(* Every $t$-PLS which verifies $\textsc{acyclic}$ requires labels of size $\Omega((\log n)/t)$, where $n$ is the number of vertices.
   Context: $\textsc{acyclic}$ is the predicate on the family of all connected graph configurations (graph $G=(V,E)$ with state assignment $\varphi:V\to S$) that is true iff the underlying graph is cycle free. A $t$-round proof-labeling scheme ($t$-PLS) consists of a prover assigning a bit string (label) to each vertex and a deterministic distributed verifier running $t$ synchronous rounds (in each round every vertex receives messages from all neighbors, computes, and sends messages), after which each vertex outputs true or false; it must be complete (acyclic configurations are accepted, i.e. all vertices output true, with the prover's labels) and sound (configurations with a cycle are rejected by some vertex under every labeling). Vertices may have unique identifiers and labels may depend on them. Label size is the maximum label length assigned by the prover on legal configurations. *)

From mathcomp Require Import all_boot.


Record config (S : Type) := Config {
  nv : nat;
  adj : rel 'I_nv;
  state : 'I_nv -> S;
  ident : 'I_nv -> nat }.
Arguments nv {S} c.
Arguments adj {S} c _ _.
Arguments state {S} c _.
Arguments ident {S} c _.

_EXERCISE REQUIREMENTS_. Go through the material and say how many lines include "state". The number alone will do.

_FINAL ANSWER_. 3